== Description of the task ==
Show only those lines of the entries where the string "ramp" is found.

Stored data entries
======
(* Let $X$ be an extensible marked Dynkin diagram with $d$ nodes, and let $\gamma=(x,y)\in\mathcal H_2$ with $|\gamma|_X=0$. Let $l=\max(\ell(x),d)$ and $r=\ell(y)$. Then there exist integers $p_i$ ($1\le i\le l-1$), $q_j$ ($1\le j\le r-1$) and $s$ such that for all $n\ge l+r$, $$\gamma^{(n)}=\sum_{i=1}^{l-1}p_i\alpha_i^{(n)}+\sum_{i=l}^{n-r+1}s\,\alpha_i^{(n)}+\sum_{i=n-r+2}^{n}q_{n-i+1}\alpha_i^{(n)}.$$
   Context: A marked Dynkin diagram $X$ has nodes $1,\dots,d$ with node $d$ distinguished and symmetrizable generalized Cartan matrix $C(X)$. For $n\ge d$, $X_n$ is obtained by attaching a simply-laced chain of new nodes $d+1,\dots,n$ to node $d$ (so $C(X_n)$ has $C(X)$ as upper-left block, $2$ on the remaining diagonal, $-1$ in positions $(i,i+1),(i+1,i)$ for $d\le i<n$, $0$ elsewhere); $X_{d-1}$ is $X$ with node $d$ deleted. $\det(Y)$ is the determinant of the generalized Cartan matrix of $Y$. The sequence $\det(X_n)$, $n\ge d$, is arithmetic with common difference $\Delta$; $X$ is extensible if $\Delta\ne0$, $\det(X)\ne0$ and $\gcd(\Delta,\det X)=1$. For $\mathfrak g(X_n)$: simple roots $\alpha_i^{(n)}$, fundamental weights $\omega_i^{(n)}$, $\overline{\omega}_i^{(n)}=\omega_{n-i+1}^{(n)}$. $\mathcal H_1$ is the set of finitely supported integer sequences, $\ell(x)=\max\{i:x_i\ne0\}$, $\mathcal H_2=\mathcal H_1\times\mathcal H_1$; for $\gamma=(x,y)$ and $n\ge\ell(y)+\max(d,\ell(x))$, $\gamma^{(n)}=\sum_ix_i\omega_i^{(n)}+\sum_iy_i\overline{\omega}_i^{(n)}$. Integers $a_i$: for $1\le i\le d$, $a_i=\det(X)(C(X)^{-1})_{d\,i}$; for $i>d$, $a_i=\det(X_{i-1})$. $|\gamma|_X=\sum_ia_ix_i-\Delta\sum_i i\,y_i$. *)

From HB Require Import structures.
From mathcomp Require Import all_boot all_order all_algebra.
Set Implicit Arguments. Unset Strict Implicit. Unset Printing Implicit Defensive.
Import Order.TTheory GRing.Theory Num.Theory.
Local Open Scope ring_scope.

(* A marked Dynkin diagram X with d nodes is given by d and a function
   cX : nat -> nat -> int; the (0-indexed) entries cX i j with i, j < d form
   the generalized Cartan matrix C(X).  Node d (1-indexed) is the last index,
   d.-1 in 0-indexed form. *)

Definition cartanX (d : nat) (cX : nat -> nat -> int) : 'M[int]_d :=
  \matrix_(i < d, j < d) cX i j.

Definition is_GCM (n : nat) (A : 'M[int]_n) : Prop :=
  (forall i, A i i = 2) /\
  (forall i j, i != j -> A i j <= 0) /\
  (forall i j, A i j = 0 <-> A j i = 0).

Definition symmetrizable (n : nat) (A : 'M[int]_n) : Prop :=
  exists eps : 'I_n -> rat, (forall i, 0 < eps i) /\
    (forall i j, eps i * (A i j)%:~R = eps j * (A j i)%:~R).

(* C(X_n) (0-indexed entries), X_n = X with a simply-laced chain of new nodes
   d+1..n attached at node d.  For n < d this is the leading principal
   submatrix; in particular extmx d cX d.-1 is C(X_{d-1}). *)
Definition ext_entry (d : nat) (cX : nat -> nat -> int) (i j : nat) : int :=
  if (i < d)%N && (j < d)%N then cX i j
  else if i == j then 2
  else if ((i.+1 == j) || (j.+1 == i)) && (d.-1 <= minn i j)%N then -1
  else 0.

Definition extmx (d : nat) (cX : nat -> nat -> int) (n : nat) : 'M[int]_n :=
  \matrix_(i < n, j < n) ext_entry d cX i j.

Definition detX (d : nat) (cX : nat -> nat -> int) (n : nat) : int :=
  \det (extmx d cX n).

(* common difference Delta of the arithmetic sequence det(X_n), n >= d *)
Definition DeltaX (d : nat) (cX : nat -> nat -> int) : int :=
  detX d cX d.+1 - detX d cX d.

Definition extensible (d : nat) (cX : nat -> nat -> int) : Prop :=
  DeltaX d cX != 0 /\ detX d cX d != 0 /\ coprimez (DeltaX d cX) (detX d cX d).

(* The integers a_i, i >= 1 (1-indexed).
   For 1 <= i <= d : det(X) (C(X)^{-1})_{d,i} = adj(C(X))_{d,i}. *)
Definition acoef (d : nat) (cX : nat -> nat -> int) (i : nat) : int :=
  if (i <= d)%N then
    (match d as d' return 'M[int]_d' -> int with
     | 0 => fun _ => 0
     | d'.+1 => fun A => \adj A ord_max (inord i.-1)
     end) (cartanX d cX)
  else detX d cX i.-1.

(* Elements of H_1: finitely supported integer sequences (x_1, x_2, ...),
   represented by a list; x_i = nth 0 x (i-1) for i >= 1. *)
Definition hcoef (x : seq int) (i : nat) : int :=
  if i is k.+1 then nth 0 x k else 0.

Definition ell (x : seq int) : nat := (
  \max_(k < size x | nth (0:int) x k != (0:int)) k.+1)%N.

Definition gammaNormX (d : nat) (cX : nat -> nat -> int) (x y : seq int) : int :=
  \sum_(k < size x) acoef d cX k.+1 * hcoef x k.+1
  - DeltaX d cX * \sum_(k < size y) (k.+1)%:Z * hcoef y k.+1.

(* Coefficient of omega_j^{(n)} (j 1-indexed) in gamma^{(n)} =
   sum_i x_i omega_i + sum_i y_i omega_{n-i+1}. *)
Definition gamma_coef (x y : seq int) (n j : nat) : int :=
  hcoef x j + (if (1 <= j <= n)%N then hcoef y (n - j).+1 else 0).

From HB Require Import structures.
From mathcomp Require Import all_boot all_order all_algebra.
From mathcomp Require Import zify ring.
Import Order.TTheory GRing.Theory Num.Theory.
Local Open Scope ring_scope.

(* On the chain the rows of C(X_n) are second differences, so the coefficients
   of gamma^(n) in the simple roots are piecewise linear: with W = sum_m m y_m
   they are L(k) = W - sum_m (m - k)^+ x_m on the left and R(k) = sum_m min(k, m) y_m
   counted from the right end, and both equal W in the middle once n >= l + r.
   On X itself the coefficients u must solve C(X) u = b with u_d = L(d).
   Cramer's rule gives det(X) u = adj(C(X)) b, and since a_i = det(X) +
   (i - d - 1) Delta for i > d, the condition |gamma|_X = 0 says exactly that
   the last entry of adj(C(X)) b is det(X) L(d).  For integrality, C(X_{d+1})
   maps the bordered vector (det(X) u, det(X) L(d+1)) to a multiple of det(X),
   and det(X_{d+1}) = det(X) + Delta is coprime to det(X). *)

Lemma sum_mul_delta (R : pzSemiRingType) (N k : nat) (c : nat -> R) :
  \sum_(i < N) c i * (i == k :> nat)%:R = if (k < N)%N then c k else 0.
Proof.
rewrite -(big_ord1_eq (@GRing.add R) c k N) [RHS]big_mkcond.
by apply: eq_bigr => i _; rewrite mulr_natr mulrb.
Qed.

Lemma hcoef_gt_ell (a : seq int) (k : nat) : (ell a < k)%N -> hcoef a k = 0.
Proof.
case: k => [//|k] /= lt_ell_k.
have [lt_k_a|] := ltnP k (size a); last exact: nth_default.
apply/eqP; apply: contraLR lt_ell_k => nz_ak; rewrite -leqNgt.
exact: (@leq_bigmax_cond _ (fun i : 'I_(size a) => a`_i != 0) (fun i => i.+1) (Ordinal lt_k_a)).
Qed.

Lemma sum_hcoef_widen (a : seq int) (f : nat -> int) (N : nat) : (size a <= N)%N ->
  \sum_(k < size a) f k * hcoef a k.+1 = \sum_(k < N) f k * hcoef a k.+1.
Proof.
move=> le_a_N; rewrite (big_ord_widen N (fun k => f k * hcoef a k.+1) le_a_N) big_mkcond.
by apply: eq_bigr => k _; case: ltnP => // le_a_k; rewrite /= nth_default ?mulr0.
Qed.

Lemma sum_hcoef_head (a : seq int) (f : nat -> int) (N : nat) :
  \sum_(k < N) f k * hcoef a k.+1 =
  \sum_(k < size a) (if (k < N)%N then f k else 0) * hcoef a k.+1.
Proof.
rewrite (@sum_hcoef_widen a (fun k => if (k < N)%N then f k else 0) (size a + N)) ?leq_addr //.
rewrite (big_ord_widen (size a + N) (fun k => f k * hcoef a k.+1) (leq_addl _ _)) big_mkcond.
by apply: eq_bigr => k _; case: ifP; rewrite ?mul0r.
Qed.

Definition second_diff (f : nat -> int) (k : nat) : int := 2 * f k.+1 - f k - f k.+2.

Definition weight (a : seq int) : int := \sum_(k < size a) k.+1%:Z * hcoef a k.+1.

Definition ramp (a : seq int) (k : nat) : int :=
  \sum_(m < size a) (minn k m.+1)%:Z * hcoef a m.+1.

Lemma ramp0 (a : seq int) : ramp a 0 = 0.
Proof. by rewrite /ramp big1 // => m _; rewrite min0n mul0r. Qed.

Lemma ramp_ge_ell (a : seq int) (k : nat) : (ell a <= k)%N -> ramp a k = weight a.
Proof.
move=> le_ell_k; apply: eq_bigr => m _.
have [lt_ell_m|le_m_ell] := ltnP (ell a) m.+1; first by rewrite hcoef_gt_ell ?mulr0.
by rewrite (minn_idPr (leq_trans le_m_ell le_ell_k)).
Qed.

Lemma second_diff_ramp (a : seq int) (k : nat) : second_diff (ramp a) k = hcoef a k.+1.
Proof.
rewrite /second_diff /ramp mulr_sumr -!sumrB.
transitivity (\sum_(m < size a) hcoef a m.+1 * (m == k :> nat)%:R).
  apply: eq_bigr => m _; rewrite mulrA -!mulrBl mulrC; congr (_ * _).
  by case: eqVneq => [->|ne_mk]; lia.
by rewrite sum_mul_delta; case: ltnP => // le_a_k; rewrite /= nth_default.
Qed.

Definition cartanA (i j : nat) : int :=
  if i == j then 2 else if (i.+1 == j) || (j.+1 == i) then -1 else 0.

Lemma ext_entry_cartanA (d : nat) (cX : nat -> nat -> int) (i j : nat) :
  (d <= maxn i j)%N -> ext_entry d cX i j = cartanA i j.
Proof.
rewrite /ext_entry /cartanA leq_max => le_d.
have -> : ((i < d) && (j < d))%N = false by case/orP: le_d => le_d; lia.
case: eqP => // _; case adj: (_ || _) => //=.
by have -> : (d.-1 <= minn i j)%N by case/orP: adj => /eqP; lia.
Qed.

Lemma cartanA_delta (i j : nat) : (0 < j)%N ->
  cartanA j i = 2 * (i == j)%:R - (i == j.-1)%:R - (i == j.+1)%:R.
Proof. by rewrite /cartanA; case: j => // j _; do ! case: eqVneq => ? //=; lia. Qed.

Lemma minor_lastmx (R : Type) (f : nat -> nat -> R) (n : nat) :
  row' ord_max (col' ord_max (\matrix_(i < n.+1, j < n.+1) f i j)) =
  \matrix_(i < n, j < n) f i j.
Proof. by apply/matrixP => i j; rewrite !mxE !lift_max. Qed.

Lemma det_chain_rec (R : comPzRingType) (f : nat -> nat -> R) (n : nat) :
  (forall j, (j < n)%N -> f n.+1 j = 0) -> (forall i, (i < n)%N -> f i n.+1 = 0) ->
  f n.+1 n = -1 -> f n n.+1 = -1 -> f n.+1 n.+1 = 2 ->
  \det (\matrix_(i < n.+2, j < n.+2) f i j) =
  2 * \det (\matrix_(i < n.+1, j < n.+1) f i j) - \det (\matrix_(i < n, j < n) f i j).
Proof.
move=> row0 col0 sub super diag.
rewrite (expand_det_row _ ord_max) !big_ord_recr /= big1 ?add0r; last first.
  by move=> j _; rewrite mxE [f _ _](row0 j) ?mul0r.
rewrite !mxE [f _ ord_max]diag [f _ (widen_ord _ _)]sub /cofactor minor_lastmx.
set M' := row' _ _.
have -> : \det M' = - \det (\matrix_(i < n, j < n) f i j).
  rewrite (expand_det_col _ ord_max) big_ord_recr /= big1 ?add0r; last first.
    by move=> i _; rewrite !mxE lift_max /= /bump leqnn [f _ _](col0 i) ?mul0r.
  rewrite !mxE lift_max /= /bump leqnn [f _ _]super /cofactor.
  have -> : row' ord_max (col' ord_max M') = \matrix_(i < n, j < n) f i j.
    apply/matrixP => i j; rewrite !mxE /=; congr f; rewrite /bump.
      by rewrite (leqNgt n i) ltn_ord /= !add0n ltnNge (ltnW (ltn_ord i)).
    by rewrite (leqNgt n j) ltn_ord /= add0n leqNgt ltn_ord.
  by rewrite -signr_odd addnn odd_double mulN1r mul1r.
have sgn_sub : (-1) ^+ (n.+1 + n) = -1 :> R by rewrite -signr_odd addSn addnn /= odd_double.
have sgn_diag : (-1) ^+ (n.+1 + n.+1) = 1 :> R by rewrite -signr_odd addnn odd_double.
by rewrite /= sgn_sub sgn_diag !mul1r !mulN1r opprK addrC.
Qed.

Lemma extmx_cartanX (d : nat) (cX : nat -> nat -> int) : extmx d cX d = cartanX d cX.
Proof. by apply/matrixP => i j; rewrite !mxE /ext_entry !ltn_ord. Qed.

Section DetChain.
Variables (d : nat) (cX : nat -> nat -> int).

Lemma detX_rec (n : nat) : (d <= n.+1)%N ->
  detX d cX n.+2 = 2 * detX d cX n.+1 - detX d cX n.
Proof.
move=> le_d; have chain i j : maxn i j = n.+1 -> ext_entry d cX i j = cartanA i j.
  by move=> max_ij; rewrite ext_entry_cartanA // max_ij.
apply: det_chain_rec => [j lt_j|i lt_i|||]; rewrite chain /cartanA; try lia.
- by rewrite !ifN //; lia.
- by rewrite !ifN //; lia.
- by rewrite eqxx orbT ifN //; lia.
- by rewrite eqxx ifN //; lia.
- by rewrite eqxx.
Qed.

Lemma detX_addn (m : nat) : detX d cX (d + m) = detX d cX d + m%:Z * DeltaX d cX.
Proof.
suff : detX d cX (d + m) = detX d cX d + m%:Z * DeltaX d cX /\
       detX d cX (d + m.+1) = detX d cX d + m.+1%:Z * DeltaX d cX by case.
elim: m => [|m [IHm IHmS]]; first by rewrite addn0 addn1 mul1r /DeltaX; split; ring.
split=> //; rewrite !addnS detX_rec; last exact/leqW/leq_addr.
by rewrite -addnS IHmS IHm !intS; ring.
Qed.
======
== Answer space ==
Definition ramp (a : seq int) (k : nat) : int :=
Lemma ramp0 (a : seq int) : ramp a 0 = 0.
Proof. by rewrite /ramp big1 // => m _; rewrite min0n mul0r. Qed.
Lemma ramp_ge_ell (a : seq int) (k : nat) : (ell a <= k)%N -> ramp a k = weight a.
Lemma second_diff_ramp (a : seq int) (k : nat) : second_diff (ramp a) k = hcoef a k.+1.
rewrite /second_diff /ramp mulr_sumr -!sumrB.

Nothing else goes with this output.